Other highlights from our Selfridges session were the male fragrances, Layton and Pegasus from Parfums Marly, though I was found the fussy pink livery of the top-selling feminine scent, Delina, a tad disturbing.




It reminded me of talcum powder or those rather garish opaque Xerjoff bottles, and to my eye looked cheap, to be perfectly honest.

Source: essezna-nobile.de


Just around the fixture, I fell hard for Amouage Blossom Love, despite its also coming in a pink opaque bottle! The opening notes were like being in a pillow fight of orange-inflected petals, and again I feel moved to document the notes:

Notes: bergamot, heliotrope, amaretto, ylang, rose, cherry blossom, amber, tonka bean, vanilla and suede


Source: fragrantica

Well, well, I see there's an actual heliotrope note and it didn't bother me at all. Colour me inconsistent! We also smelt Bracken - again in Undina's case - and whilst I found it interesting, it was absolutely not my thing, and got progressively 'strange fruit-ier' as it wore on.


Don't ask!

It was way past lunchtime by now, and so we popped into the cafe on the corner by Les Senteurs for a quick snack to fortify us for the final leg of our sniffathon. And here we had another of those comedy moments when Undina and I discovered we were both carrying Dior lipsticks...in Paris it had been a case of 'Burberry bingo'. What are the chances of that? So obviously Undina's vSO had to photograph this uncanny coincidence...


'I'll raise you Pisanelle Pink!'


Les Senteurs

Undina's vSO sat on the famous stripey sofa to the rear of the store that is the ideal base for resting spouses, while Undina and I went for one last testing 'push', aided by the chatty and helpful Harley, who turned out to be proprietor Claire's niece. I daubed myself in Superstitious, the much talked about new release from Frederic Malle, in the hope that it would come up as prettily as on Tara; an hour or so into its development Undina and I remained to be convinced. I did come away with a sample to try further at my leisure, ditto one of ELDO's Fils de Dieu du Riz et des Agrumes, a bottle of which I definitely see in my future. Or more likely a split bottle with my friend Rachael Potts.

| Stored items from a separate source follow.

Definition amp_x (t : R) : R := c1 * exp (- phase t) * cos (angle t).
Definition amp_y (t : R) : R := c1 * exp (- phase t) * sin (angle t).
Definition amp_x' (t : R) : R :=
  c1 * exp (- phase t) * (- phase' t * cos (angle t) - angle' t * sin (angle t)).
Definition amp_y' (t : R) : R :=
  c1 * exp (- phase t) * (- phase' t * sin (angle t) + angle' t * cos (angle t)).

Definition sys_diag (t : R) : R := phase' t ^ 2 - phase'' t - angle' t ^ 2.
Definition sys_skew (t : R) : R := 2 * phase' t * angle' t - angle'' t.
Definition amp_x'' (t : R) : R := sys_diag t * amp_x t + sys_skew t * amp_y t.
Definition amp_y'' (t : R) : R := sys_diag t * amp_y t - sys_skew t * amp_x t.

Lemma is_derive_amp_x t : is_derive amp_x t (amp_x' t).
Proof. unfold amp_x, amp_x'; solve_derive. Qed.
Lemma is_derive_amp_y t : is_derive amp_y t (amp_y' t).
Proof. unfold amp_y, amp_y'; solve_derive. Qed.
Lemma is_derive_amp_x' t : is_derive amp_x' t (amp_x'' t).
Proof. unfold amp_x'', amp_x', sys_diag, sys_skew, amp_x, amp_y; solve_derive. Qed.
Lemma is_derive_amp_y' t : is_derive amp_y' t (amp_y'' t).
Proof. unfold amp_y'', amp_y', sys_diag, sys_skew, amp_x, amp_y; solve_derive. Qed.
#[local] Hint Resolve is_derive_amp_x is_derive_amp_y is_derive_amp_x' is_derive_amp_y' : derive.

Lemma ex_derive_amp_x'' t : ex_derive amp_x'' t.
Proof. unfold amp_x'', sys_diag, sys_skew; auto_derive; repeat split; auto with derive. Qed.
Lemma ex_derive_amp_y'' t : ex_derive amp_y'' t.
Proof. unfold amp_y'', sys_diag, sys_skew; auto_derive; repeat split; auto with derive. Qed.
#[local] Hint Resolve ex_derive_amp_x'' ex_derive_amp_y'' : derive.
Lemma ge0_integral_channel_pair p p' (h : (R * R) * (R * R) -> \bar R) :
  distinct_users L p -> distinct_users L p' ->
  measurable_fun setT h -> (forall y, (0 <= h y)%E) ->
  (\int[P]_w h (channel_pair p w) = \int[P]_w h (channel_pair p' w))%E.
Proof.
move=> pL p'L mh h0.
apply: (@ge0_integral_eq_law _ _ _ _ _ _
  [set A `*` B | A in rectangles R R & B in rectangles R R]) => //.
- apply: measurable_prod_generated; try exact: measurable_rectangles; exact: rectanglesT.
- by do 2!apply: setI_closed_setX; exact: measurableI.
- exists setT; first exact: rectanglesT.
  by exists setT; [exact: rectanglesT|rewrite setXTT].
- exact: measurable_channel_pair.
- exact: measurable_channel_pair.
move=> _ [_ [A1 mA1 [A2 mA2 <-]] [_ [A3 mA3 [A4 mA4 <-]] <-]].
by rewrite !channel_pair_box.
Qed.

Lemma channel_sqr_lty j b : (1 <= j <= L)%N -> 0 < sigma2 ->
  (\int[P]_w ((X (j, b) w ^+ 2)%:E) < +oo)%E.
Proof.
move=> jL s0; have gauss := gaussian_channels.2 j b jL.
have mX : measurable_fun [set: T] (X (j, b) : T -> measurableTypeR R).
  exact: (measurable_funPT (X (j, b))).
pose Xm : {mfun T >-> measurableTypeR R} :=
  HB.pack (X (j, b) : T -> measurableTypeR R) (isMeasurableFun.Build _ _ _ _ _ mX).
have -> : (\int[P]_w ((X (j, b) w ^+ 2)%:E) =
    \int[distribution P Xm]_(y in setT) (y ^+ 2)%:E)%E.
  rewrite [RHS](ge0_integral_pushforward mX) //.
  - exact/measurable_EFinP/measurable_funX.
  - by move=> y _; rewrite lee_fin sqr_ge0.
rewrite (@eq_measure_integral _ _ _ _ (normal_prob 0 (Num.sqrt (sigma2 / 2)))).
  by apply: normal_prob_sqr_lty; rewrite gt_eqF // sqrtr_gt0 divr_gt0.
by move=> A mA _; exact: gauss.
Qed.

End channels.

Section schemes.
Context (d : measure_display) (T : measurableType d) (R : realType)
  (P : probability T R) (L : nat) (X : nat * bool -> {RV P >-> R})
  (Pw N0 sigma2 : R).
Hypothesis gaussian_channels : equal_gain_rayleigh L X sigma2.
Hypotheses (Pw0 : 0 < Pw) (N00 : 0 < N0) (sigma2_gt0 : 0 < sigma2).
Local Open Scope ereal_scope.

I was also delighted to introduce Undina to Caron's Parfum Sacre, which I was hopeful she would like, and so it proved.

By five-ish we really were all sniffed out - okay, speaking for myself, I mean - for back at base, Undina went on to roll up a trouser leg and spray a sample I had brought for her to try on her knee (one of the few remaining clear spots left), before quickly rustling up a reviving meal of salmon and sour cream tortilla wraps. I will definitely try replicating that back home. I also extracted all Undina's blotters from between the leaves of my notebook where I was keeping them carefully separated for her, collected my luggage, and said my goodbyes. It was a real wrench, no question.


Not the ones we ate, but we discussed all meanings of 'tortilla'

Unfortunately, due to a conspicuous absence of tubes at Bayswater, I missed my (specific!) train back to Stafford. It took me eight conversations with staff at two rail companies and London Underground to extract a chit that confirmed the delay on the Circle Line (which they vehemently denied, but gave me the benefit of the doubt anyway!) to get my non-transferable ticket authorised for use on the next service, so I didn't have to buy a whole new single for the same money as my return. So that was a result, and only added an extra hour to my journey time.

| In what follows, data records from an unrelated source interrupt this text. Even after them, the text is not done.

Lemma outcome_probE g rho b1 b2 Q :
  outcome_prob Vi Vj Wi Wj g rho b1 b2 Q =
  \sum_p \sum_p' readout g b1 p.1 p'.1 * readout g b2 p.2 p'.2 * cross_term Q rho p p'.
Proof.
rewrite /outcome_prob /circuit_out /= circuitE !mulmxA mxtrace_sandwich_sum.
apply: eq_bigr => p _; apply: eq_bigr => p' _.
by rewrite adjmx_tens [adjmx (_ *t hadamard_branch _ _)]adjmx_tens !tensmx_mul !mxtrace_tens.
Qed.

Lemma outcome_prob_linear g rho b1 b2 K (y : 'I_K -> algC) (P : 'I_K -> 'M[algC]_N) :
  outcome_prob Vi Vj Wi Wj g rho b1 b2 (\sum_k y k *: P k) =
  \sum_k y k * outcome_prob Vi Vj Wi Wj g rho b1 b2 (P k).
Proof.
rewrite /outcome_prob tensmx_sumr mulmx_suml linear_sum; apply: eq_bigr => k _.
by rewrite tensmxZr -scalemxAl linearZ.
Qed.

Lemma signed_outcome_prob g rho Q :
  \sum_(b1 : bool) \sum_(b2 : bool)
     (-1) ^+ (b1 + b2) * outcome_prob Vi Vj Wi Wj g rho b1 b2 Q =
  \sum_p \sum_p' interference g p.1 p'.1 * interference g p.2 p'.2 *
                   cross_term Q rho p p'.
Proof.
under eq_bigr => b1 _ do under eq_bigr => b2 _
  do (rewrite outcome_probE mulr_sumr; under eq_bigr do rewrite mulr_sumr).
under [RHS]eq_bigr => p _ do under eq_bigr => p' _
  do (rewrite -!sum_signed_readout big_distrlr mulr_suml;
      under eq_bigr do rewrite mulr_suml).
rewrite exchange_big2; do 4 (apply: eq_bigr => ? _); rewrite /= exprD; ring.
Qed.

Lemma signed_outcome_flip (g : bool) rho Q :
  (-1) ^+ g * \sum_(b1 : bool) \sum_(b2 : bool)
     (-1) ^+ (b1 + b2) * outcome_prob Vi Vj Wi Wj g rho b1 b2 Q =
  4^-1 * \sum_p (-1) ^+ (g && (p.1 != p.2)) * cross_term Q rho p (~~ p.1, ~~ p.2).
Proof.
rewrite signed_outcome_prob !mulr_sumr; apply: eq_bigr => p _.
by rewrite sum_interference mulrA interference_flip mulrAC mulrC.
Qed.

End Circuit.

Lemma sum_bool_pair (R : nmodType) (F : bool * bool -> R) :
  \sum_p F p = \sum_(a : bool) \sum_(b : bool) F (a, b).
Proof. by rewrite [RHS]pair_bigA; apply: eq_bigr => -[]. Qed.

Lemma sum_phase_sign (R : comPzRingType) (F : bool * bool -> R) :
  \sum_(g : bool) \sum_p (-1) ^+ (g && (p.1 != p.2)) * F p =
  (F (false, false) + F (true, true)) *+ 2.
Proof. rewrite big_bool !sum_bool_pair !big_bool /=; ring. Qed.

Lemma sum_samp_prob m (c : 'I_m -> algC) phi i j (F : bool -> algC) :
  (i = j -> F true = 0) ->
  \sum_g samp_prob c phi i j g * F g = c i * c j / phi * \sum_g F g.
Proof.
move=> F_diag; rewrite !big_bool /samp_prob /= andbT andbF mulrDr.
by case: eqP => [/F_diag ->|_]; rewrite ?mulr0 ?mul0r.
Qed.

Lemma sum_sqr_le_sqr_sum (R : numDomainType) (I : finType) (c : I -> R) :
  (forall i, 0 <= c i) -> \sum_i c i ^+ 2 <= (\sum_i c i) ^+ 2.
Proof.
move=> c_ge0; rewrite [in leRHS]expr2 mulr_suml; apply: ler_sum => i _.
rewrite expr2 ler_wpM2l // (bigD1 i) //= lerDl.
by apply: sumr_ge0 => j _.
Qed.

Lemma estimator_scale_gt0 (R : numDomainType) (I : finType) (c : I -> R) (i0 : I) :
  (forall i, 0 < c i) -> 0 < 2 * (\sum_i c i) ^+ 2 - \sum_i c i ^+ 2.
Proof.
move=> c_gt0; have c_ge0 i : 0 <= c i by exact: ltW.
have sum_gt0 : 0 < \sum_i c i.
  by rewrite (bigD1 i0) //= ltr_wpDr // sumr_ge0.
rewrite mulr_natl mulr2n -addrA ltr_wpDr ?exprn_gt0 //.
by rewrite subr_ge0 sum_sqr_le_sqr_sum.
Qed.

Lemma sum_symmetrize (R : numFieldType) (I : finType) (c : I -> R) (T : I -> I -> R) :
  \sum_i \sum_j c i * c j / 2 * (T i j + T j i) = \sum_i \sum_j c i * c j * T i j.
Proof.
transitivity (2^-1 * (\sum_i \sum_j c i * c j * T i j + \sum_i \sum_j c i * c j * T j i)).
  rewrite -big_split mulr_sumr; apply: eq_bigr => i _.
  rewrite -big_split mulr_sumr; apply: eq_bigr => j _ /=; ring.
rewrite [X in _ + X]exchange_big /=.
under [X in _ + X]eq_bigr => j _ do under eq_bigr => i _ do rewrite (mulrC (c i)).
by field.
Qed.

Lemma mxtrace_sandwichZ n a b (Q A M B : 'M[algC]_n) :
  \tr (Q *m (a *: A) *m M *m adjmx (b *: B)) = a * b^* * \tr (Q *m A *m M *m adjmx B).
Proof.
by rewrite adjmxZ -!scalemxAr -!scalemxAl !mxtraceZ mulrCA mulrA.
Qed.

So what did I learn over the course of the two days about the stage I am at in this hobby? Well, that I am somewhat less eager to try new scents than I was a few years ago, probably because I have so many things I feel I should use up first. However, I still have the capacity to get excited about new perfumes (and even crave bottles of them), though I might struggle to integrate them into my oversized collection without pangs of guilt.

And I also had further confirmation - not that it was needed - that it's the people in our perfume world who matter most. And that while fragrance is the catalyst for our bonding, if you took it away, the friendships would still have a momentum of their own...




NB Val gave me this bunny via Tara. It didn't make it beyond Rugby.